Grogg of the North
Adventurer
So I joined a one shot game with a group I've never played before, and we got into a very interesting argument before the game got underway about stats and how they should be. While creating the characters we of course rolled in front of the DM, 4d6 drop the lowest, and put the rolls in what stats you want.
the average rolls of the other 4 members were 15, 15, 12, 12, 10, 8 (I'm mostly rounding since a few 13s and such were around but thats the jist), and I rolled 18, 18, 16, 14, 12, 13. This created a rather odd uproar from the DM when I asked if he'd let them reroll their negative scores since to me that seems like bad rolls.

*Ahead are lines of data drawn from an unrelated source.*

(* Let $d>1$ be an integer and $\mu>0$ an integer. For every relation $R\in\{\le,<,\ge,>,=,\neq\}$ there is a B\''uchi automaton over $\{0,\dots,\mu\}\times\{0,\dots,\mu\}$ accepting a pair $(A,B)$ of sequences in $\{0,\dots,\mu\}^\omega$ (read synchronously) if and only if $\mathrm{DS}(A,d)\,R\,\mathrm{DS}(B,d)$; i.e. the discounted-sum comparator for integer discount factors is $\omega$-regular for all relations.
   Context: $\mathrm{DS}(A,d)=\sum_{i\ge0}A[i]/d^i$. *)

From Stdlib Require Import Reals List ClassicalEpsilon.
Open Scope R_scope.

Definition digit (mu : nat) : Type := { n : nat | (n <= mu)%nat }.

Record Buchi (Sigma : Type) : Type := mkBuchi {
  bstate : Type;
  bstate_finite : exists l : list bstate, forall q : bstate, In q l;
  binit : bstate -> Prop;
  bdelta : bstate -> Sigma -> bstate -> Prop;
  bacc : bstate -> Prop
}.
Arguments bstate {Sigma}.
Arguments binit {Sigma}.
Arguments bdelta {Sigma}.
Arguments bacc {Sigma}.

Definition buchi_accepts {Sigma : Type} (M : Buchi Sigma) (w : nat -> Sigma) : Prop :=
  exists rho : nat -> bstate M,
    binit M (rho 0%nat) /\
    (forall i : nat, bdelta M (rho i) (w i) (rho (S i))) /\
    (forall n : nat, exists m : nat, (n <= m)%nat /\ bacc M (rho m)).

Definition DS {mu : nat} (A : nat -> digit mu) (d : nat) : R :=
  epsilon (inhabits 0)
    (fun l => infinite_sum (fun i => INR (proj1_sig (A i)) / (INR d) ^ i) l).

Inductive cmp_rel : Type := RLe | RLt | RGe | RGt | REq | RNeq.

Definition cmp_interp (r : cmp_rel) (x y : R) : Prop :=
  match r with
  | RLe => x <= y
  | RLt => x < y
  | RGe => x >= y
  | RGt => x > y
  | REq => x = y
  | RNeq => x <> y
  end.

From Stdlib Require Import Reals List ClassicalEpsilon.
From Stdlib Require Import Lra Lia ZArith FunctionalExtensionality ProofIrrelevance.
Open Scope R_scope.

(* Feed the automaton the digit differences c_i = A[i] - B[i] (|c_i| <= mu)
   and let it track the integer "Horner value"
       S_n = sum_{i<n} c_i d^(n-1-i),     S_(n+1) = d S_n + c_n,
   which is d^(n-1) times the n-th partial sum of DS(A,d) - DS(B,d).
   The geometric bound on the tail of the series gives
       |d^n (DS(A,d) - DS(B,d)) - S_(n+1)| <= mu / (d - 1).
   Hence for any threshold K >= 0 with mu < (d-1)(K+1):
   - once S_n >= K+1 it stays there forever, and DS(A,d) > DS(B,d);
   - symmetrically for S_n <= -(K+1);
   - if |S_n| <= K for all n, then DS(A,d) = DS(B,d).
   So clamping S_n to [-(K+1), K+1] yields a finite deterministic automaton
   whose state eventually reports the sign of DS(A,d) - DS(B,d); a Buchi
   condition "the reported sign satisfies R infinitely often" then decides
   every relation R.  We take K = mu. *)

Lemma sig_enumerable {T : Type} (P : T -> Prop) (l : list T) :
  (forall x, P x -> In x l) -> exists l' : list {x | P x}, forall q, In q l'.
Proof.
  intro hl.
  assert (cover : forall l0 : list T, exists l' : list {x | P x},
             forall q, In (proj1_sig q) l0 -> In q l').
  { induction l0 as [|x l0 [l' hl']].
    - exists nil. intros q [].
    - destruct (classic (P x)) as [px|npx].
      + exists (exist P x px :: l'). intros [y py] [e|hy]; simpl in *.
        * subst y. left. f_equal. apply proof_irrelevance.
        * right. exact (hl' (exist P y py) hy).
      + exists l'. intros [y py] [e|hy]; simpl in *.
        * subst y. contradiction.
        * exact (hl' (exist P y py) hy). }
  destruct (cover l) as [l' hl']. exists l'. intro q. apply hl', hl, proj2_sig.
Qed.

Lemma Z_interval_enumerable (a b : Z) :
  exists l : list {z : Z | (a <= z <= b)%Z}, forall q, In q l.
Proof.
  apply (sig_enumerable _ (map (fun k => a + Z.of_nat k)%Z (seq 0 (Z.to_nat (b - a + 1))))).
  intros z hz. apply in_map_iff. exists (Z.to_nat (z - a)).
  split; [lia | apply in_seq; lia].
Qed.

Lemma pow_unbounded (r C : R) : 1 < r -> exists n, C < r ^ n.
Proof.
  intro hr. destruct (Pow_x_infinity r) with (b := C + 1) as [N hN].
  - rewrite Rabs_right; lra.
  - exists N. specialize (hN N (le_n _)).
    rewrite Rabs_right in hN; [lra | apply Rle_ge, pow_le; lra].
Qed.

Lemma zero_of_pow_bounded (x r C : R) :
  1 < r -> (forall n, Rabs (x * r ^ n) <= C) -> x = 0.
Proof.
  intros hr hb. destruct (Req_dec x 0) as [|hx]; [assumption|]. exfalso.
  assert (hax : 0 < Rabs x) by (apply Rabs_pos_lt; exact hx).
  destruct (pow_unbounded r (C / Rabs x) hr) as [n hn].
  specialize (hb n). rewrite Rabs_mult, (Rabs_right (r ^ n)) in hb
    by (apply Rle_ge, pow_le; lra).
  apply (Rmult_lt_compat_l (Rabs x)) in hn; [|exact hax].
  replace (Rabs x * (C / Rabs x)) with C in hn by (field; lra). lra.
Qed.

Lemma cv_abs_bound (u : nat -> R) (l a E : R) (N : nat) :
  Un_cv u l -> (forall k, (N <= k)%nat -> Rabs (u k - a) <= E) -> Rabs (l - a) <= E.
Proof.
  intros hu hb. apply Rnot_lt_le. intro hlt.
  destruct (hu (Rabs (l - a) - E)) as [N' hN']; [lra|].
  specialize (hN' (max N N') (Nat.le_max_r _ _)). unfold Rdist in hN'.
  specialize (hb (max N N') (Nat.le_max_l _ _)).
  pose proof (Rabs_triang (l - u (max N N')) (u (max N N') - a)) as htri.
  replace (l - u (max N N') + (u (max N N') - a)) with (l - a) in htri by ring.
  rewrite <- Rabs_Ropp in hN'. replace (- (u (max N N') - l)) with (l - u (max N N')) in hN' by ring.
  lra.
Qed.

Lemma infinite_sum_minus (f g : nat -> R) (lf lg : R) :
  infinite_sum f lf -> infinite_sum g lg -> infinite_sum (fun i => f i - g i) (lf - lg).
Proof.
  intros hf hg eps heps.
  destruct (CV_minus _ _ _ _ hf hg eps heps) as [N hN].
  exists N. intros n hn. rewrite minus_sum. exact (hN n hn).
Qed.

Section Horner.

Variable d : Z.
Hypothesis hd : (1 < d)%Z.
Variable m : Z.
Variable c : nat -> Z.
Hypothesis hc : forall i, (Z.abs (c i) <= m)%Z.

Let dr := IZR d.

Fixpoint horner (n : nat) : Z :=
  match n with
  | O => 0%Z
  | S k => (d * horner k + c k)%Z
  end.

Definition term (i : nat) : R := IZR (c i) / dr ^ i.

Lemma dr_gt1 : 1 < dr.
Proof. apply IZR_lt. exact hd. Qed.

Lemma m_nonneg : 0 <= IZR m.
Proof. apply IZR_le. specialize (hc 0%nat). lia. Qed.

Lemma partial_sum_horner (n : nat) :
  sum_f_R0 term n * dr ^ n = IZR (horner (S n)).
Proof.
  pose proof dr_gt1 as h1.
  assert (hp : forall k, dr ^ k <> 0) by (intro k; apply pow_nonzero; lra).
  induction n as [|n IH].
  - unfold term. simpl. rewrite plus_IZR, mult_IZR. field.
  - cbn [sum_f_R0]. change (horner (S (S n))) with (d * horner (S n) + c (S n))%Z.
    rewrite plus_IZR, mult_IZR, <- IH. unfold term. fold dr. simpl. field. split; [apply hp | lra].
Qed.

The DM got a bit miffed and said that my own rolls were 'incredibly high' and that a character is supposed to always have at least one terrible score and only 1 or 2 at a +2 mod or more, and that anything more imbalances encounters. Personally I've never played with a character who had a negative score since in my normal group we don't believe in handicapping a character at creation when they have a pretty low survival rate at 1st-3rd levels anyway, thus I to me the OTHERS scores were the bizarre ones since they seems excited to get 'decent' rolls.
I admit rolling the second 18 was amazing, but to me those scores don't seem anything to really be 'amazed' at since they aren't really a huge boost to things (I never got the big deal behind a +1 addition when mathmatically your not much more likely to roll well, +4 is more decent)
What are your own opinions on stats and their importance and things like this?
A couple thoughts:
1) As a DM, if I were in this scenario and it was going to be an ongoing campaign, I probably would have told the other players that they could add +2 to any one score they wanted. For a one-off. Eh ... maybe, maybe not.
2) Suggesting to the DM that everyone else re-roll may have been a social faux pas. If this was your first time with the group, it may have come across as crossing the line into the DM's territory when you were only trying to be helpful.
3) Ability scores can be important but they're not the be-all of a great character.